"Что надо уметь?": модель жизнеустройства подростка в повести М. Горького "В людях"


«Что надо уметь?»: модель жизнеустройства подростка в повести М. Горького «В людях»


Т. В. Мальцева


Творчество М. Горького глубоко социально, реалистично, документально точно в отображении «свинцовых мерзостей дикой русской жизни» [1, XV, с. 193]. «Живучая, подлая правда» трудного, изматывающего быта особенно остро осознается писателем в детские и юношеские годы, что нашло отражение в автобиографической трилогии, насыщенной ужасающими подробностями описания нравов жителей Нижнего Новгорода и окрестных деревень.

Особо значим в трилогии мотив порога, обосновывающий необходимость выбора жизненного пути. Такой сознательный выбор главный герой Алеша Пешков начинает делать во второй части трилогии. Биографическая и сюжетная ситуация второй повести трилогии «В людях» пограничная: подросток на пороге самостоятельности, он - «в людях», он смотрит и впитывает все шире открывающиеся ему подробности жизни. Организует все повествование ключевой для юного героя вопрос: «Вот все говорят друг другу: не умеешь жить, <...> а что надо уметь?» [1, XV, с. 315]. Этот вопрос Алеша Пешков задает бабушке, которая все знает, но та качает головой: «Уж этого я не знаю». Повествование строится как цепь происшествий и событий, в рамках которых подросток оценивает, как живут другие, и размышляет, подходит ему такая жизнь или нет: «Жизнь <..> потекла быстро и густо, широкий поток впечатлений каждый день приносил душе что-то новое, что восхищало и тревожило, обижало, заставляло думать» [1, XV, с. 235]. У юного героя нет четких представлений о нормальной и правильной жизни в силу отсутствия личного опыта, системного воспитания и обучения, практически нет проверенных инструментов оцен-ки широкого потока событий, поэтому особую значимость приобретают эмоциональные, психологические, сенсорно-визуальные впечатления Алеши.

В повести создана сложная многоуровневая система сопоставления впечатлений, которая помогает подростку делать выбор жизненного пути. Эта система включает: рукотворные модели жизнеустройства, социальнопрофессиональные модели жизнеустройства, природное окружение, сопоставление физической реальности и отраженной реальности, то есть книжного мира.

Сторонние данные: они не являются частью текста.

(* An element u = sum_{l,j} u_{l,j} (x) E_{l j}  (E_{l j} the elementary
   n x m matrices) is encoded by its components u l j : system m n,
   with u l j i in C[x]_{<= d_i}.                                        *)
Definition tens (m n : nat) := 'I_n -> 'I_m -> system m n.

Definition in_rep (m n : nat) (d : 'I_m -> nat) (u : tens m n) : Prop :=
  forall l j i, poly_le (d i) (u l j i).

Definition tens_nonzero (m n : nat) (u : tens m n) : Prop :=
  exists l j i, u l j i != 0.

(* (X,Y) . (f (x) A) = ((X,Y) . f) (x) Y A X^{-1}, extended linearly:
   the (l',j') component of (X,Y).u is
   sum_{l,j} (Y A X^{-1} with A = E_{l j})_{l' j'} * (X,Y).(u_{l,j})
   = sum_{l,j} Y_{l' l} (X^{-1})_{j j'} (X,Y).(u_{l,j}).                 *)
Definition act_tens (m n : nat) (X : 'M[CC]_m) (Y : 'M[CC]_n) (u : tens m n)
  : tens m n :=
  fun l' j' i => \sum_(l < n) \sum_(j < m)
                   (Y l' l * invmx X j j') *: act_sys X Y (u l j) i.

Definition tens_scale (m n : nat) (c : CC) (u : tens m n) : tens m n :=
  fun l j i => c *: u l j i.

Definition nz_vec (k : nat) (t : 'rV[CC]_k) : Prop := forall a, t 0 a != 0.

Definition lmono (k : nat) (t : 'rV[CC]_k) (w : 'I_k -> int) : CC :=
  \prod_(a < k) (t 0 a) ^ (w a).

Definition is_weight (m n : nat) (d : 'I_m -> nat)
  (w' : 'I_m -> int) (w'' : 'I_n -> int) : Prop :=
  exists u : tens m n, in_rep d u /\ tens_nonzero u /\
    forall (t : 'rV[CC]_m) (s : 'rV[CC]_n), nz_vec t -> nz_vec s ->
      act_tens (diag_mx t) (diag_mx s) u
      = tens_scale (lmono t w' * lmono s w'') u.

Definition pair_coords (m n : nat) (X : 'M[CC]_m) (Y : 'M[CC]_n)
  : 'I_(m * m + n * n) -> CC :=
  fun k => row_mx (mxvec X) (mxvec Y) 0 k.

Definition conjT (k : nat) (M : 'M[CC]_k) : 'M[CC]_k := (map_mx Num.conj M)^T.

Definition symmetric_subgroup (m n : nat) (G : 'M[CC]_m -> 'M[CC]_n -> Prop) : Prop :=
  (forall X Y, G X Y -> X \in unitmx /\ Y \in unitmx) /\
  G 1%:M 1%:M /\
  (forall X Y X' Y', G X Y -> G X' Y' -> G (X *m X') (Y *m Y')) /\
  (forall X Y, G X Y -> G (invmx X) (invmx Y)) /\
  (* Zariski closed in GL_m x GL_n *)
  (exists P : {mpoly CC[m * m + n * n]} -> Prop,
     forall X Y, G X Y <->
       [/\ X \in unitmx, Y \in unitmx &
           forall p, P p -> p.@[pair_coords X Y] = 0]) /\
  (forall X Y, G X Y -> G (conjT X) (conjT Y)).

Definition contains_torus (m n : nat) (G : 'M[CC]_m -> 'M[CC]_n -> Prop) : Prop :=
  forall (t : 'rV[CC]_m) (s : 'rV[CC]_n), nz_vec t -> nz_vec s ->
    G (diag_mx t) (diag_mx s).

Definition wnorm (m n : nat) (a : 'I_m -> RR) (b : 'I_n -> RR) : RR :=
  Num.sqrt (\sum_(i < m) a i ^+ 2 + \sum_(l < n) b l ^+ 2).

Definition in_conv (m n : nat) (S : ('I_m -> int) -> ('I_n -> int) -> Prop)
  (p' : 'I_m -> RR) (p'' : 'I_n -> RR) : Prop :=
  exists (k : nat) (v' : 'I_k -> 'I_m -> int) (v'' : 'I_k -> 'I_n -> int)
         (lam : 'I_k -> RR),
    (forall r, S (v' r) (v'' r)) /\ (forall r, 0 <= lam r) /\
    \sum_(r < k) lam r = 1 /\
    (forall i, p' i = \sum_(r < k) lam r * (v' r i)%:~R) /\
    (forall l, p'' l = \sum_(r < k) lam r * (v'' r l)%:~R).

Definition weight_norm_le (m n : nat) (Om : ('I_m -> int) -> ('I_n -> int) -> Prop)
  (c : RR) : Prop :=
  forall w' w'', Om w' w'' -> wnorm (fun i => (w' i)%:~R) (fun l => (w'' l)%:~R) <= c.

(* c <= gamma, where gamma = min over subsets S of Om with 0 notin conv(S) of
   dist(0, conv S) = inf_{p in conv S} ||p||_2. *)
Definition weight_margin_ge (m n : nat) (Om : ('I_m -> int) -> ('I_n -> int) -> Prop)
  (c : RR) : Prop :=
  forall S : ('I_m -> int) -> ('I_n -> int) -> Prop,
    (forall w' w'', S w' w'' -> Om w' w'') ->
    ~ in_conv S (fun _ => 0) (fun _ => 0) ->
    forall p' p'', in_conv S p' p'' -> c <= wnorm p' p''.

Definition evec (k : nat) (i : 'I_k) : 'I_k -> int := fun a => (a == i)%:R.

(* The torus element (diag t, diag s) multiplies the monomial x^alpha
   of the i-th polynomial in the (l, j) component by t_i t_j^-1 s_l s^-alpha, so
   comparing coefficients shows that every weight is (e_i - e_j, e_l - alpha) with
   |alpha| <= d_i <= D.  Such a weight w has |w|^2 + 1 <= (D + 2)^2 and is orthogonal
   to h = (1, .., 1, 0, .., 0).  For the margin, a point p = lam M of the convex hull
   of some weights (the rows of M), a hull avoiding 0, is rewritten
   Caratheodory-style with linearly independent rows; orthogonality to h leaves at
   most m + n - 1 of them.  Picking columns J with M_J invertible and y = M_J^-1 1 gives
   1 = <p_J, y> <= K |p| max |y_a|, and Cramer's rule together with Hadamard's
   inequality and |det M_J| >= 1 bounds |y_a| by (D + 2)^K. *)

From HB Require Import structures.
From mathcomp Require Import all_boot all_order all_algebra.
From mathcomp Require Import mpoly complex Rstruct.
From mathcomp Require Import zify ring lra.
Set Implicit Arguments. Unset Strict Implicit. Unset Printing Implicit Defensive.
Import Order.TTheory GRing.Theory Num.Theory.
Local Open Scope ring_scope.

Lemma ler_sum_inj (R : numDomainType) (K k : nat) (g : 'I_K -> 'I_k) (F : 'I_k -> R) :
  injective g -> (forall a, 0 <= F a) -> \sum_(c < K) F (g c) <= \sum_(a < k) F a.
Proof.
move=> g_inj F_ge0; rewrite -(big_imset F (A := predT)); last by move=> x y _ _ /g_inj.
rewrite [leRHS](bigID (mem [set g x | x in predT])) /= lerDl.
exact: sumr_ge0.
Qed.

Lemma norm_det_intr_ge1 (R : numDomainType) (K : nat) (A : 'M[int]_K) :
  \det (map_mx intr A : 'M[R]_K) != 0 -> 1 <= `|\det (map_mx intr A : 'M[R]_K)|.
Proof.
rewrite det_map_mx -intr_norm ler1z -gtz0_ge1 normr_gt0.
by apply: contra => /eqP ->; rewrite rmorph0.
Qed.

Lemma cramer_rule (F : fieldType) (K : nat) (A : 'M[F]_K) (v : 'cV[F]_K) (a : 'I_K) :
  A \in unitmx ->
  (invmx A *m v) a 0 = \det (\matrix_(b, c) if c == a then v b 0 else A b c) / \det A.
Proof.
move=> Au; rewrite /invmx Au mxE [\det (\matrix_(b, c) _)](expand_det_col _ a) mulr_suml.
apply: eq_bigr => b _; rewrite !mxE eqxx.
have -> : cofactor (\matrix_(b, c) if c == a then v b 0 else A b c) b a = cofactor A b a.
  rewrite /cofactor; congr (_ * \det _).
  by apply/matrixP => i j; rewrite !mxE eq_sym (negPf (neq_lift _ _)).
by rewrite mulrC [_^-1 * _]mulrC mulrA.
Qed.

Lemma invmx_diag (F : fieldType) (k : nat) (t : 'rV[F]_k) :
  (forall a, t 0 a != 0) -> invmx (diag_mx t) = diag_mx (\row_a (t 0 a)^-1).
Proof.
move=> t_neq0; have e : diag_mx t *m diag_mx (\row_a (t 0 a)^-1) = 1%:M.
  by rewrite mulmx_diag; apply/matrixP => i j; rewrite !mxE divff.
have [tu _] := mulmx1_unit e.
by rewrite -[RHS](mulKmx tu) e mulmx1.
Qed.

Lemma sum_diag_mx_scale (R : pzRingType) (V : lmodType R) (k : nat) (d : 'rV[R]_k)
    (i : 'I_k) (F : 'I_k -> V) :
  \sum_q diag_mx d i q *: F q = d 0 i *: F i.
Proof.
rewrite (bigD1 i) //= big1 => [|q /negPf qi]; first by rewrite mxE eqxx addr0.
by rewrite mxE (eq_sym i) qi mulr0n scale0r.
Qed.

Lemma exprz_inj (F : numFieldType) (c : F) : 0 < c -> c != 1 -> injective (exprz c).
Proof.
move=> c_gt0 c_neq1 x y; rewrite /= => cxy; apply/eqP; rewrite -subr_eq0.
have cu : c \is a GRing.unit by rewrite unitfE gt_eqF.
have : c ^ (x - y) == 1 by rewrite exprzDr // cxy -exprzDr // subrr.
by rewrite pexprz_eq1 ?ltW // (negPf c_neq1) orbF.
Qed.

Lemma exprzN_div_le (F : realFieldType) (N x : F) (k : nat) :
  (0 < k)%N -> 1 <= N -> 1 <= k%:R * N ^+ k.-1 * x -> N ^ (1 - k%:Z) / k%:R <= x.
Proof.
move=> k_gt0 N_ge1; have Nk_gt0 : 0 < N ^+ k.-1 by rewrite exprn_gt0 // (lt_le_trans ltr01).
have -> : N ^ (1 - k%:Z) = (N ^+ k.-1)^-1 by rewrite exprnN; congr (_ ^ _); lia.
by rewrite -invfM -[_^-1]mulr1 ler_pdivrMl ?mulr_gt0 ?ltr0n // [_ * k%:R]mulrC.
Qed.

Lemma mcoeff_comp_diag (R : comRingType) (n : nat) (c : 'I_n -> R) (f : {mpoly R[n]})
    (al : 'X_{1..n}) :
  (f \mPo [tuple c k *: 'X_k | k < n])@_al = f@_al * \prod_k c k ^+ al k.
Proof.
have compX (mu : 'X_{1..n}) : 'X_[mu] \mPo [tuple c k *: 'X_k | k < n] =
    (\prod_k c k ^+ mu k) *: 'X_[mu].
  rewrite comp_mpolyX mpolyXE_id -scaler_prod; apply: eq_bigr => i _.
  by rewrite tnth_mktuple exprZn.
rewrite comp_mpolyEX raddf_sum /=.
under eq_bigr do rewrite compX scalerA mcoeffZ mcoeffX.
have [al_in|al_notin] := boolP (al \in msupp f).
  rewrite (bigD1_seq al) //= eqxx mulr1 addrC big1 ?add0r // => mu /negPf ->.
  by rewrite mulr0.
rewrite big1_seq => [|mu /andP[_ mu_in]]; last first.
  by case: eqP mu_in al_notin => [-> ->|] //; rewrite mulr0.
by move: al_notin; rewrite -mcoeff_eq0 => /eqP ->; rewrite mul0r.
Qed.

(** * Hadamard's inequality *)

Section Hadamard.
Variable R : realFieldType.

Lemma mulmx_trmx_row (k : nat) (x : 'rV[R]_k) : (x *m x^T) 0 0 = \sum_j x 0 j ^+ 2.
Proof. by rewrite mxE; apply: eq_bigr => j _; rewrite mxE expr2. Qed.

Lemma mulmx_trmx_row_eq0 (k : nat) (x : 'rV[R]_k) : x *m x^T = 0 -> x = 0.
Proof.
move=> /matrixP /(_ 0 0); rewrite mulmx_trmx_row mxE => /eqP.
rewrite psumr_eq0 => [/allP x0|j _]; last exact: sqr_ge0.
apply/rowP => j; rewrite mxE; apply/eqP; rewrite -sqrf_eq0.
exact: (implyP (x0 j (mem_index_enum _))).
Qed.

Lemma det_gram_col_mx_eq0 (r k : nat) (b : 'rV[R]_k) (A : 'M[R]_(r, k)) :
  A *m A^T \notin unitmx -> \det (col_mx b A *m (col_mx b A)^T) = 0.
Proof.
rewrite unitmxE unitfE negbK => /det0P [v v0 vAA].
have vA : v *m A = 0.
  by apply: mulmx_trmx_row_eq0; rewrite trmx_mul mulmxA -(mulmxA v) vAA mul0mx.
apply/eqP/det0P; exists (row_mx 0 v : 'rV_(1 + r)).
  by apply: contra v0 => /eqP/(congr1 rsubmx); rewrite row_mxKr linear0 => ->.
by rewrite mulmxA mul_row_col mul0mx add0r vA mul0mx.
Qed.

(* Subtracting from b its orthogonal projection onto the row space of A does
   not change the Gram determinant, and only shortens b. *)
Lemma det_gram_col_mx_unit (r k : nat) (b : 'rV[R]_k) (A : 'M[R]_(r, k)) :
  A *m A^T \in unitmx -> exists2 q : 'rV[R]_k,
    \det (col_mx b A *m (col_mx b A)^T) = (\sum_j q 0 j ^+ 2) * \det (A *m A^T)
    & \sum_j q 0 j ^+ 2 <= \sum_j b 0 j ^+ 2.
Proof.
move=> AAu; pose c := b *m A^T *m invmx (A *m A^T); pose q : 'rV[R]_k := b - c *m A.
have qA : q *m A^T = 0 by rewrite mulmxBl -!mulmxA mulVmx // mulmx1 subrr.
have AqT : A *m q^T = 0 by apply: trmx_inj; rewrite trmx_mul trmxK qA trmx0.
have qcA : q *m (c *m A)^T = 0 by rewrite trmx_mul mulmxA qA mul0mx.
have -> : b = q + c *m A by rewrite subrK.
clearbody q c; exists q.
  have -> : col_mx (q + c *m A) A = block_mx 1%:M c 0 1%:M *m col_mx q A.
    by rewrite mul_block_col !mul1mx mul0mx add0r.
  rewrite trmx_mul !mulmxA det_mulmx -mulmxA det_mulmx det_tr det_ublock !det1.
  rewrite tr_col_mx mul_col_row qA AqT det_ublock det_mx11 mulmx_trmx_row.
  by rewrite !mul1r mulr1.
have cAq : c *m A *m q^T = 0 by apply: trmx_inj; rewrite trmx_mul trmxK qcA trmx0.
rewrite -!mulmx_trmx_row linearD /= mulmxDl !mulmxDr qcA cAq addr0 add0r [leRHS]mxE lerDl.
by rewrite mulmx_trmx_row sumr_ge0 // => j _; exact: sqr_ge0.
Qed.

Lemma det_gram_col_mx_le (r k : nat) (b : 'rV[R]_k) (A : 'M[R]_(r, k)) :
  0 <= \det (A *m A^T) ->
  0 <= \det (col_mx b A *m (col_mx b A)^T) <= (\sum_j b 0 j ^+ 2) * \det (A *m A^T).
Proof.
have b2_ge0 : 0 <= \sum_j b 0 j ^+ 2 by apply: sumr_ge0 => j _; exact: sqr_ge0.
have [AAu|AAnu] := boolP (A *m A^T \in unitmx) => AA_ge0.
  have [q -> qb] := det_gram_col_mx_unit b AAu.
  have q2_ge0 : 0 <= \sum_j q 0 j ^+ 2 by apply: sumr_ge0 => j _; exact: sqr_ge0.
  by rewrite mulr_ge0 //= ler_wpM2r.
by rewrite det_gram_col_mx_eq0 // lexx mulr_ge0.
Qed.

Во-первых, это две противопоставленные рукотворные модели жизнеустройства: сад и пещера. Одна, благообразная, описана в первой части трилогии - повести «Детство». Когда Варвара, мать Алеши, собирается обвенчаться с человеком другого круга, Алеша чувствует себя одиноким. Мать, разговаривая с Алешей, строит будущее, благоприятное для него: «Вот скоро мы обвенчаемся, потом поедем в Москву, а потом воротимся, и ты будешь жить со мной. Ты будешь учиться в гимназии, потом станешь студентом <...> потом доктором <...>. Эти «потом», положенные ею одно за другим, казались мне лестницей куда-то глубоко вниз и прочь от нее, в темноту, в одиночество, - не обрадовала меня такая лестница» [1, XV, с. 175]. Интуитивно Алеша ищет себе укромное место в саду и переустраивает его: «В яме <...> лежал, спутавшись, поломанный снегом рыжий бурьян <...>. Мне сердито захотелось вырвать, выломать бурьян, вытаскать обломки кирпичей, головни, убрать всё грязное, ненужное и, устроив в яме частое жилище себе, жить в ней летом одному, без больших. Я тотчас же принялся за дело, оно сразу, надолго и хорошо, отвело меня от того, что делалось в доме» [1, XV, с. 171]. Это место Алеша непрерывно благоустраивает: «. я обложил яму по краям, где земля оползла, обломками кирпичей, устроил из них широкое сиденье, - на нем можно было даже лежать. Набрал много цветных стекол и осколков посуды, вмазал их глиной в щели между кирпичами, - когда в яму смотрело солнце, всё это радужно разгоралось, как в церкви» [1, XV, с. 176]. Особость места ребенком понята через сходство с церковным, украшенным - «разгоралось, как в церкви». «Я всё устраивал и украшал жилище себе. Я <...> сплел из бурьяна плотный плетень и сделал над скамьей навес от солнца и росы, - у меня стало совсем хорошо» [1, XV, с. 178]. Именно здесь Алеша видит и понимает мир иначе.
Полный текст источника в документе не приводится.